Last Spring HBO had Howard Stern on Twitter while airing his movie, Private Parts. The effort caused a huge viewing spike for HBO. Talk and reality programs like The Voice and Conan O’Brien are integrating social commentary and feedback into their programming.
Twitter has embraced its role as a social TV back channel. It has created an agreement with the X Factor to create voting features to drive the program’s outcome. Further, Twitter is actively seeking to additional TV programming relationships.
Apps, Ads and Gear
Applications like GetGlue are letting viewers check into shows, and comment as they run. Updates can be broadcasted onto Twitter and Facebook, extending a program’s viewership. On the content creator side, Trendrr is helping programmers and advertisers better understand how stakeholders are using these diverse media.
At the basis of the social TV shift is a transition from passive audiences to engaged, interacting stakeholders, but in addition they are engaged in other non-related content.

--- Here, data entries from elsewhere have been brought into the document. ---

(* The (a priori) Recursive Measure satisfies the strong subadditivity blocker postulate. For every SVG $\mathcal{G}$ on $N$ and every bloc $I\subseteq N$ that contains at least one YES-blocker, or that contains at least one NO-blocker, we have $$\widehat{RM'}_I\le\sum_{k\in I}RM'_k(\mathcal{G}).$$ Consequently RM also satisfies the weak subadditivity blocker postulate.
   Context: A simple voting game (SVG) is a pair $\mathcal{G}=(N,\mathcal{W})$ with $N$ a nonempty finite set of $n$ players and $\mathcal{W}\subseteq 2^N$ (the winning sets) such that: - $\mathcal{W}$ is monotone; - $\emptyset\notin\mathcal{W}$ and $N\in\mathcal{W}$. A division is $(S,N\setminus S)$ with $S\subseteq N$ the YES-voters; it is winning if $S\in\mathcal{W}$ and losing otherwise. Decisiveness and success: - Player $k$ is YES-decisive in $S$ if $k\in S\in\mathcal{W}$ and $S\setminus\{k\}\notin\mathcal{W}$. - Player $k$ is NO-decisive in $S$ if $k\notin S\notin\mathcal{W}$ and $S\cup\{k\}\in\mathcal{W}$. - Player $k$ is decisive if it is either. - Player $k$ is successful in $S$ if ($k\in S$ and $S\in\mathcal{W}$) or ($k\notin S$ and $S\notin\mathcal{W}$). Loyal children: if $S\in\mathcal{W}$, the loyal children of $S$ are the divisions $S\setminus\{m\}$ with $m\in S$ and $S\setminus\{m\}\in\mathcal{W}$. If $S\notin\mathcal{W}$, they are the divisions $S\cup\{m\}$ with $m\notin S$ and $S\cup\{m\}\notin\mathcal{W}$. The recursive efficacy score $\alpha_k(S)$ is defined by: - $\alpha_k(S)=1$ if $k$ is decisive in $S$; - $\alpha_k(S)=0$ if $k$ is not successful in $S$; - otherwise, $\alpha_k(S)$ is the average of $\alpha_k$ over the (nonempty) set of loyal children of $S$. The a priori Recursive Measure is $RM'_k=2^{-n}\sum_{S\subseteq N}\alpha_k(S)$. Blockers: $b$ is a YES-blocker if $b\in S$ for all $S\in\mathcal{W}$, and a NO-blocker if $b\notin S$ for all $S\notin\mathcal{W}$. Bloc game: for a bloc $I$ with lead member $i\in I$, $\hat{\mathcal{G}}$ has players $(N\setminus I)\cup\{i\}$ and winning sets $$\{S\cup\{i\}:S\subseteq N\setminus I,\ S\cup I\in\mathcal{W}\}\cup\{S:S\subseteq N\setminus I,\ S\in\mathcal{W}\}.$$ $\widehat{RM'}_I$ is $RM'_i$ in $\hat{\mathcal{G}}$. *)

From mathcomp Require Import all_boot all_order all_algebra.
Set Implicit Arguments. Unset Strict Implicit. Unset Printing Implicit Defensive.
Import Order.TTheory GRing.Theory Num.Theory.
Local Open Scope ring_scope.

Section SVG.
Variable T : finType.

Definition is_SVG (N : {set T}) (W : {set {set T}}) : Prop :=
  [/\ N != set0,
      (forall S : {set T}, S \in W -> S \subset N),
      (forall S S' : {set T}, S \in W -> S \subset S' -> S' \subset N -> S' \in W),
      set0 \notin W &
      N \in W].

Definition yes_decisive (W : {set {set T}}) (k : T) (S : {set T}) : bool :=
  [&& k \in S, S \in W & S :\ k \notin W].

Definition no_decisive (W : {set {set T}}) (k : T) (S : {set T}) : bool :=
  [&& k \notin S, S \notin W & k |: S \in W].

Definition decisive W k S : bool := yes_decisive W k S || no_decisive W k S.

Definition successful (W : {set {set T}}) (k : T) (S : {set T}) : bool :=
  ((k \in S) && (S \in W)) || ((k \notin S) && (S \notin W)).

Definition loyal_children (N : {set T}) (W : {set {set T}}) (S : {set T})
  : {set {set T}} :=
  if S \in W then [set S :\ m | m in [set m in S | S :\ m \in W]]
  else [set m |: S | m in [set m in N :\: S | m |: S \notin W]].

(* Recursive efficacy score, computed with explicit fuel; the recursion depth
   never exceeds #|N|, so fuel #|N|.+1 computes the true value. *)
Fixpoint alpha_fuel (fuel : nat) (N : {set T}) (W : {set {set T}}) (k : T)
  (S : {set T}) : rat :=
  match fuel with
  | 0 => 0
  | n.+1 =>
    if decisive W k S then 1
    else if ~~ successful W k S then 0
    else (\sum_(C in loyal_children N W S) alpha_fuel n N W k C)
           / (#|loyal_children N W S|)%:R
  end.

Definition alpha (N : {set T}) (W : {set {set T}}) (k : T) (S : {set T}) : rat := alpha_fuel #|N|.+1 N W k S.

Definition RM' (N : {set T}) (W : {set {set T}}) (k : T) : rat :=
  (\sum_(S in powerset N) alpha N W k S) / (2 ^ #|N|)%:R.

Definition yes_blocker (W : {set {set T}}) (b : T) : Prop :=
  forall S : {set T}, S \in W -> b \in S.

Definition no_blocker (N : {set T}) (W : {set {set T}}) (b : T) : Prop :=
  forall S : {set T}, S \subset N -> S \notin W -> b \notin S.

Definition bloc_players (N I : {set T}) (i : T) : {set T} :=
  (N :\: I) :|: [set i].

Definition bloc_game (N : {set T}) (W : {set {set T}}) (I : {set T}) (i : T)
  : {set {set T}} :=
  [set S :|: [set i] | S in [set S in powerset (N :\: I) | S :|: I \in W]]
  :|: [set S in powerset (N :\: I) | S \in W].

Definition RM'_bloc (N : {set T}) (W : {set {set T}}) (I : {set T}) (i : T) : rat :=
  RM' (bloc_players N I i) (bloc_game N W I i) i.

End SVG.

From mathcomp Require Import all_boot all_order all_algebra.
From mathcomp Require Import zify.
Import Order.TTheory GRing.Theory Num.Theory.
Local Open Scope ring_scope.
Set Implicit Arguments. Unset Strict Implicit. Unset Printing Implicit Defensive.

(* Let X = N \ I, let b in I be a blocker and write u S for the sum of the
   efficacy scores alpha_k S of the members k of I.  Both sides of the inequality
   are averages over divisions: the bloc game has the divisions A and i+A
   (A in X), the original game has A+J and A+J+b (J in I \ b).  So it suffices
   to show alpha_i A + alpha_i (i+A) <= u (A+J) + u (A+J+b) in every such block.
   If A loses but A+I wins, both u terms are at least 1 while alpha <= 1.
   Otherwise one of the two bloc terms is 0 (i is unsuccessful) and the other is
   compared to the matching u term by induction along loyal children: since the
   game is monotone, every alpha_k, hence u, is the mean of its values on the
   loyal children, and the loyal moves of the bloc game other than i's own move
   are loyal moves of the original game, whose remaining loyal moves are made
   by members of I other than b. *)

Section Averages.
Variables (R : numFieldType) (T : finType).
Implicit Types (P Q M : {set T}) (f g : T -> R).

Lemma sumr_le_subset P Q f :
  P \subset Q -> {in Q, forall x, 0 <= f x} ->
  \sum_(x in P) f x <= \sum_(x in Q) f x.
Proof.
move=> PQ f0; rewrite [X in _ <= X](big_setID P) /= (setIidPr PQ) lerDl.
by apply: sumr_ge0 => x; rewrite inE => /andP[_]; apply: f0.
Qed.

(* [a] is the mean of [f] over [P] plus one zero term and [c] the mean of [g]
   over [M]; each term of the first mean is dominated by a term of the second,
   the zero term by the element [x] of [M] (which is not compared). *)
Lemma mean_le P M (x : T) f g (a c : R) :
  P \subset M -> 0 <= a -> 0 <= c ->
  a * #|P|.+1%:R = \sum_(m in P) f m -> c * #|M|%:R = \sum_(m in M) g m ->
  {in M, forall m, 0 <= g m} -> {in P, forall m, f m <= g m} ->
  {in M :\: P, forall m, m != x -> a <= g m} -> a <= c.
Proof.
move=> PM a0 c0 ha hc g0 fg ag.
have [M0|Mgt0] := posnP #|M|.
  have P0 : P = set0 by apply/eqP; rewrite -cards_eq0 -leqn0 -M0 subset_leq_card.
  by move: ha; rewrite P0 big_set0 cards0 mulr1 => ->.
set Q := M :\: P :\ x.
have cardM : (#|M| <= #|P|.+1 + #|Q|)%N.
  rewrite -(cardsID P M) (setIidPr PM) (cardsD1 x (M :\: P)) -/Q.
  by case: (x \in M :\: P); lia.
rewrite -(ler_pM2r (_ : 0 < #|M|%:R)) ?ltr0n // hc.
apply: le_trans (_ : a * (#|P|.+1 + #|Q|)%:R <= _).
  by apply: ler_wpM2l => //; rewrite ler_nat.
rewrite natrD mulrDr ha mulr_natr -sumr_const [X in _ <= X](big_setID P) /= (setIidPr PM).
apply: lerD; first exact: ler_sum.
apply: le_trans (_ : \sum_(m in Q) g m <= _).
  by apply: ler_sum => m; rewrite !inE => /andP[mx mMP]; apply: ag; rewrite ?inE.
apply: sumr_le_subset; first exact: subsetDl.
by move=> m; rewrite inE => /andP[_]; apply: g0.
Qed.
End Averages.

Lemma setD1_id (T : finType) (A : {set T}) x : x \notin A -> A :\ x = A.
Proof. by move=> xA; apply/setDidPl; rewrite disjoint_sym disjoints1. Qed.

Lemma setU1D1 (T : finType) (A : {set T}) x y : y != x -> (x |: A) :\ y = x |: (A :\ y).
Proof. by move=> yx; rewrite setDUl setD1_id // inE. Qed.

Section RecursiveEfficacy.
Variables (T : finType) (N : {set T}) (W : {set {set T}}).
Implicit Types (S C : {set T}) (k m : T).

(* The number of loyal moves still possible from [S]; it strictly decreases
   along loyal children, so fuel [#|N|.+1] is never exhausted. *)
Definition loyal_depth S := if S \in W then #|S| else #|N :\: S|.

Definition loyal_joiners S := [set m in N :\: S | m |: S \notin W].
Definition loyal_leavers S := [set m in S | S :\ m \in W].

Lemma loyal_children_losing S :
  S \notin W -> loyal_children N W S = [set m |: S | m in loyal_joiners S].
Proof. by rewrite /loyal_children => /negbTE ->. Qed.

Lemma loyal_children_winning S :
  S \in W -> loyal_children N W S = [set S :\ m | m in loyal_leavers S].
Proof. by rewrite /loyal_children => ->. Qed.

Lemma setU1_inj_joiners S : {in loyal_joiners S &, injective (fun m => m |: S)}.
Proof.
move=> m1 m2; rewrite !inE => /andP[/andP[m1S _] _] _ e.
have : m1 \in m2 |: S by rewrite -e setU11.
by rewrite in_setU1 (negbTE m1S) orbF => /eqP.
Qed.

Lemma setD1_inj_leavers S : {in loyal_leavers S &, injective (fun m => S :\ m)}.
Proof.
move=> m1 m2; rewrite !inE => /andP[m1S _] _ e.
have : m1 \notin S :\ m2 by rewrite -e setD11.
by rewrite in_setD1 m1S andbT negbK => /eqP.
Qed.

Lemma loyal_depth_child S C :
  C \in loyal_children N W S -> (loyal_depth C < loyal_depth S)%N.
Proof.
rewrite /loyal_children /loyal_depth.
case: ifP => SW /imsetP[m]; rewrite inE => /andP[mS CW] ->.
  by rewrite CW (cardsD1 m S) mS.
by rewrite (negbTE CW) (cardsD1 m (N :\: S)) mS setDDl setUC.
Qed.

Lemma loyal_depth_le S : S \subset N -> (loyal_depth S <= #|N|)%N.
Proof.
by rewrite /loyal_depth => SN; case: ifP => _; apply: subset_leq_card; rewrite ?subsetDl.
Qed.

Lemma alpha_fuel_bounds fuel k S : 0 <= alpha_fuel fuel N W k S <= 1.
Proof.
elim: fuel S => [|fuel IH] S //=.
case: ifP => _ //; case: ifP => _ //.
set L := loyal_children N W S.
have [->|Lgt0] := posnP #|L|; first by rewrite invr0 mulr0 lexx ler01.
rewrite divr_ge0 ?sumr_ge0 // => [|C _]; last by case/andP: (IH C).
rewrite ler_pdivrMr ?ltr0n // mul1r -sum1_card natr_sum.
by apply: ler_sum => C _; case/andP: (IH C).
Qed.

Lemma alpha_fuel_enough fuel fuel' k S :
  (loyal_depth S < fuel)%N -> (loyal_depth S < fuel')%N ->
  alpha_fuel fuel N W k S = alpha_fuel fuel' N W k S.
Proof.
elim: fuel fuel' S => [|fuel IH] [|fuel'] S //= lt_fuel lt_fuel'.
case: ifP => // _; case: ifP => // _; congr (_ / _); apply: eq_bigr => C CL.
by apply: IH; apply: leq_trans (loyal_depth_child CL) _; rewrite -ltnS.
Qed.

Lemma alpha_ge0 k S : 0 <= alpha N W k S.
Proof. by case/andP: (alpha_fuel_bounds #|N|.+1 k S). Qed.

Lemma alpha_le1 k S : alpha N W k S <= 1.
Proof. by case/andP: (alpha_fuel_bounds #|N|.+1 k S). Qed.

Lemma alphaE k S : S \subset N ->
  alpha N W k S =
    if decisive W k S then 1 else if ~~ successful W k S then 0
    else (\sum_(C in loyal_children N W S) alpha N W k C)
         / #|loyal_children N W S|%:R.
Proof.
move=> SN; rewrite {1}/alpha /=; case: ifP => // _; case: ifP => // _.
congr (_ / _); apply: eq_bigr => C CL.
by apply: alpha_fuel_enough; have := loyal_depth_child CL; have := loyal_depth_le SN; lia.
Qed.

Lemma alpha_decisive k S : S \subset N -> decisive W k S -> alpha N W k S = 1.
Proof. by move=> SN dec; rewrite alphaE // dec. Qed.

Lemma alpha_yes_decisive {k S} :
  S \subset N -> S \in W -> k \in S -> S :\ k \notin W -> alpha N W k S = 1.
Proof.
by move=> SN SW kS SkW; rewrite alpha_decisive // /decisive /yes_decisive kS SW SkW.
Qed.

Lemma alpha_no_decisive {k S} :
  S \subset N -> S \notin W -> k \notin S -> k |: S \in W -> alpha N W k S = 1.
Proof.
move=> SN SW kS kSW; rewrite alpha_decisive //.
by rewrite /decisive /no_decisive kS SW kSW orbT.
Qed.

Lemma alpha_losing_mem k S : S \subset N -> S \notin W -> k \in S -> alpha N W k S = 0.
Proof.
move=> SN SW kS; rewrite alphaE // /decisive /yes_decisive /no_decisive.
by rewrite /successful kS (negbTE SW).
Qed.

Lemma alpha_winning_notin k S : S \subset N -> S \in W -> k \notin S -> alpha N W k S = 0.
Proof.
move=> SN SW kS; rewrite alphaE // /decisive /yes_decisive /no_decisive.
by rewrite /successful (negbTE kS) SW.
Qed.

In essence, when the ads are on, the viewer is gone.
This means that advertisers will be further challenged to evolve their content beyond the 30 second spot. They, too, may be forced to create value added interactive content, similar to some of the Super Bowl ads developed over recent years. This will increase the quantity of high quality branded content developed for social channels.
In the 1997, speculators debated wether a PCTV was possible at the Consumer Electronics Show. Fourteen years, later that vision is coming true. Equipment manufacturers are racing to integrate social elements into their TV equipment, and TV into their computing devices (small and large). Perhaps the most anticipated development here is the possible unveiling of Apple iTV.
Clearly, more programmers will engage in social TV programming in 2012. Viewership is going down, generally, and social increases real-time engagement. But there is a saturation point that has not been achieved yet. Sooner or later, adding social interaction into a program will no longer be novel, and can’t guarantee a spike.
At the same time, programming that doesn’t offer some sort of back channel value add will risk those who have been accustomed to second screen engagement. According to Yahoo! 86% of smartphone users engage on their phones while watching TV, and recent statistics show smartphone use in the U.S. has surpassed 40%. This is a strong minority of TV viewers.
It also means the continued commercialization of the social web will increase. As media companies seek to harness and own the conversations about their shows, casual peer-to-peer engagement will become less natural. And this may cause conversations about non branded content to become more private as conversationalists seek less noise.
What do you think of social TV? How will it change media?